Zoetermeer, 25 januari 2002

Achtergrond

Op 29 november 1999 hebben de Vaste Kamercommissies voor OCenW, VROM en LNV de Nota Belvedere behandeld. Bij die gelegenheid hebben wij, als verantwoordelijke bewindslieden voor de uitvoering van het Belvedere-beleid, u toegezegd dat wij u elke twee jaar op de hoogte zouden brengen van onze vorderingen en van de op dat moment bereikte resultaten. Wij zijn verheugd u hierbij de eerste «beleidsmonitor» Belvedere te kunnen aanbieden1 en hopen deze op korte termijn met u te kunnen bespreken. Wellicht dat de rapportage van de Architectuurnota aanleiding biedt tot een gezamenlijke bespreking.

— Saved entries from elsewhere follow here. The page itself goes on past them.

Lemma opp_chamber_ext C A : weak_chamber C -> is_simplex A -> opp_on C A ->
  exists D, [/\ chamber D, contains D A & opp_chamber D C].
Proof.
move=> Cw; case: A => K B; move Hm: #|~: K| => m.
elim: m K B Hm => [|m IHm] K B Hm Bs oppB.
  have KT : K = setT.
    by apply/setP=> i; rewrite inE; apply: contraT => iK; move: Hm; rewrite (cardsD1 i) inE iK.
  by subst K; exists B; split=> // i; apply: oppB; rewrite inE.
have [j0 j0K] : exists j0, j0 \in ~: K by apply/card_gt0P; rewrite Hm.
rewrite inE in j0K.
case: (@arg_maxnP _ j0 (fun i => i \notin K) (fun i => i : nat) j0K) => j jK jmax.
have above (i : 'I_n) : (j < i)%N -> i \in K.
  by apply: contraTT => iK; rewrite -leqNgt; apply: jmax.
have [E [dimE EC BE EB]] := opp_fill_gap Cw Bs oppB above.
have [|||D [Dch DB DC]] := IHm (j |: K) (fun i => if i == j then E else B i).
- have := cardsD1 j (~: K); rewrite Hm inE jK add1n => -[->].
  by apply: eq_card => i; rewrite !inE negb_or.
- exact: is_simplex_insert.
- by move=> i; rewrite /= in_setU1; case: eqVneq => [-> _ | _ /= iK]; [exact: EC | exact: oppB].
exists D; split=> // i iK; rewrite DB /= ?in_setU1 ?iK ?orbT //.
by case: eqVneq => // eij; move: jK; rewrite -eij iK.
Qed.

Lemma exists_chamber A : is_simplex A -> exists D, chamber D /\ contains D A.
Proof.
move=> As; have [|D [Dch DA _]] := opp_chamber_ext weak_chamber0 As.
  by move=> j _; rewrite capv0.
by exists D.
Qed.

Lemma opposite_cap0 A A' (i : 'I_n) : is_simplex A -> opposite A A' ->
  i \in A.1 -> rev_ord i \in A'.1 -> (A.2 i :&: A'.2 (rev_ord i) = 0)%VS.
Proof.
move=> As [AA' _] iA iA'; have [C [Cch CA]] := exists_chamber As.
have [D [_ DA' CD]] := AA' C Cch CA.
by have := CD i; rewrite CA // DA'.
Qed.

End Flags.

Section Duality.
Variables (n : nat) (th : subsp n -> subsp n).
Hypothesis thD : is_duality th.
Implicit Types (U W : subsp n) (A : simplex n).

Definition Th U : subsp n := if U == 0%VS then fullv else if U == fullv then 0%VS else th U.

Lemma proper_subE U : Defs.proper_sub U = (U != 0%VS) && (U != fullv).
Proof. by rewrite /Defs.proper_sub -dimv_eq0 lt0n eqEdim subvf dim_pt ltnNge. Qed.

Lemma Th_proper U : Defs.proper_sub U -> Th U = th U.
Proof. by rewrite proper_subE /Th => /andP[/negbTE-> /negbTE->]. Qed.

Lemma dim_Th_duality U : \dim (Th U) = (n.+1 - \dim U)%N.
Proof.
case: thD => thP _ _ _; rewrite /Th.
have [-> | U0] := eqVneq U 0%VS; first by rewrite dim_pt dimv0.
have [-> | Uf] := eqVneq U fullv; first by rewrite dim_pt dimv0 subnn.
by have [|_ ->] := thP U; rewrite // proper_subE U0.
Qed.

Lemma incident_Th U W : incident (Th U) (Th W) = incident U W.
Proof.
pose degenerate (X : subsp n) := (X == 0%VS) || (X == fullv).
have incident_degenerate (X Y : subsp n) : degenerate X -> incident X Y && incident Y X.
  by case/orP=> /eqP->; rewrite /incident ?sub0v ?subvf ?orbT.
have Th_degenerate (X : subsp n) : degenerate X -> degenerate (Th X).
  by rewrite /degenerate /Th; case: ifP => [_ _ | _ /= /eqP->]; rewrite ?eqxx ?orbT.
have [Ut | Up] := boolP (degenerate U).
  have /andP[-> _] := incident_degenerate _ (Th W) (Th_degenerate _ Ut).
  by have /andP[-> _] := incident_degenerate _ W Ut.
have [Wt | Wp] := boolP (degenerate W).
  have /andP[_ ->] := incident_degenerate _ (Th U) (Th_degenerate _ Wt).
  by have /andP[_ ->] := incident_degenerate _ U Wt.
have [pU pW] : Defs.proper_sub U /\ Defs.proper_sub W by rewrite !proper_subE -!negb_or.
by rewrite !Th_proper //; case: thD => _ _ _ ->.
Qed.

Lemma subv_incident U W : (U <= W)%VS = incident U W && (\dim U <= \dim W)%N.
Proof.
apply/idP/andP => [UW | [/orP[// | WU] dUW]]; first by rewrite /incident UW dimvS.
by have /eqP-> : W == U by rewrite eqEdim WU.
Qed.

Lemma Th_correlation : correlation Th.
Proof.
split=> [U W | U | W]; last 2 first.
- by rewrite dim_Th_duality dim_pt.
- have [-> | W0] := eqVneq W 0%VS.
    by exists fullv; apply/eqP; rewrite -dimv_eq0 dim_Th_duality dim_pt subnn.
  have [-> | Wf] := eqVneq W fullv; first by exists 0%VS; rewrite /Th eqxx.
  case: thD => _ _ thS _; have [|U pU <-] := thS W; first by rewrite proper_subE W0.
  by exists U; rewrite Th_proper.
rewrite !subv_incident incident_Th /incident orbC !dim_Th_duality; congr (_ && _).
have := dimvS (subvf U); have := dimvS (subvf W); rewrite dim_pt.
by move=> dW dU; apply/idP/idP; lia.
Qed.

Lemma is_simplex_img A : is_simplex A -> is_simplex (img th A).
Proof.
move=> As; case: (As) => dimA Amono.
split=> /= [_ /imsetP[i iA ->] | _ _ /imsetP[i iA ->] /imsetP[i' i'A ->]].
  rewrite rev_ordK -Th_proper ?(proper_simplex As) // dim_Th_duality dimA //=.
  by have := ltn_ord i; lia.
rewrite !rev_ordK leq_rev_ord -!Th_proper ?(proper_simplex As) // => i'i.
by rewrite (Th_leE Th_correlation) Amono.
Qed.

Lemma mapped_to_opposite_nondeg A : is_simplex A ->
  (forall i, i \in A.1 -> nondeg Th (A.2 i)) -> mapped_to_opposite th A.
Proof.
move=> As ndA; split=> //; split=> [C Cch CA | D Dch DA].
  have [|D [Dch DA CD]] := opp_chamber_ext (chamber_weak Cch) (is_simplex_img As).
    move=> _ /imsetP[i iA ->]; rewrite /= rev_ordK CA // capvC.
    by rewrite -Th_proper ?(proper_simplex As) //; apply: ndA.
  by exists D; split=> //; apply: opp_chamberC.
have [|C [Cch CA CD]] := opp_chamber_ext (chamber_weak Dch) As.
  move=> i iA; rewrite DA /= ?rev_ordK ?imset_f // -Th_proper ?(proper_simplex As) //.
  exact: ndA.
by exists C.
Qed.

Lemma nonabsolute_of_mapped_point A (i : 'I_n) : i \in A.1 -> i = 0%N :> nat ->
  mapped_to_opposite th A -> exists v, form Th v v.
Proof.
move=> iA i0 [As oppA].
have := opposite_cap0 As oppA iA (imset_f _ iA); rewrite /= rev_ordK => Ai0.
have dimAi : \dim (A.2 i) = 1%N by case: As => dimA _; rewrite dimA // i0.
have w0 : vpick (A.2 i) != 0 by rewrite vpick0 -dimv_eq0 dimAi.
have Aiw : A.2 i = <[vpick (A.2 i)]>%VS.
  by apply/eqP; rewrite eq_sym eqEdim -memvE memv_pick dim_vline w0 dimAi.
exists (vpick (A.2 i)); rewrite /form -Aiw Th_proper ?(proper_simplex As) //.
apply/negP => wth; have : vpick (A.2 i) \in (A.2 i :&: th (A.2 i))%VS.
  by rewrite memv_cap memv_pick.
by rewrite Ai0 memv0 (negbTE w0).
Qed.

End Duality.

Theorem theorem3p11 (n : nat) (hn : (2 <= n)%N) (th : subsp n -> subsp n) :
  is_duality th -> exceptional_domestic th -> strongly_exceptional_domestic th.
Proof.
move=> thD [dom exc]; split=> // J /properP[_ [k _ kJ]] domJ.
have ThC := Th_correlation thD.
have [A [A0 oppA]] := exc (Ordinal (ltnW hn)).
have [v vv] := nonabsolute_of_mapped_point A0 erefl oppA.
have [|P chainP] := exists_nondeg_chain ThC _ vv; first by rewrite dim_pt.
rewrite dim_pt in chainP; pose F (t : 'I_n) := skip_flag (Th th) P k t.
have Fnd t : t \in J -> nondeg (Th th) (F t) /\ \dim (F t) = t.+1.
  move=> tJ; apply: skip_flag_nondeg; rewrite ?dim_pt //=.
  by apply: contraNneq kJ => /val_inj <-.
have FJ : mapped_to_opposite th (J, F).
  apply: (mapped_to_opposite_nondeg thD) => [|t /Fnd[] //].
  split=> /= [t tJ | t t' _ _]; first by case: (Fnd t tJ).
  exact: skip_flag_homo chainP.1 t t'.
exact: (domJ (J, F) erefl FJ).
Qed.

De uitvoering van het Belvedere-beleid is een zaak van lange adem. Niet voor niets hebben wij een periode van tien jaar uitgetrokken om de doelen die wij ons gesteld hebben te halen; onze ambities zijn hoog, de maatschappelijke en bestuurlijke context complex en onze middelen beperkt. Als we terugkijken op de afgelopen twee jaar, kunnen we constateren dat er veel in gang is gezet. Belvedere heeft in korte tijd een grote bekendheid verworven en de maatschappelijke respons was zeer positief. Er zijn vermoedelijk weinig rijksnota's te noemen die met een zo gering budget zoveel teweeg hebben gebracht.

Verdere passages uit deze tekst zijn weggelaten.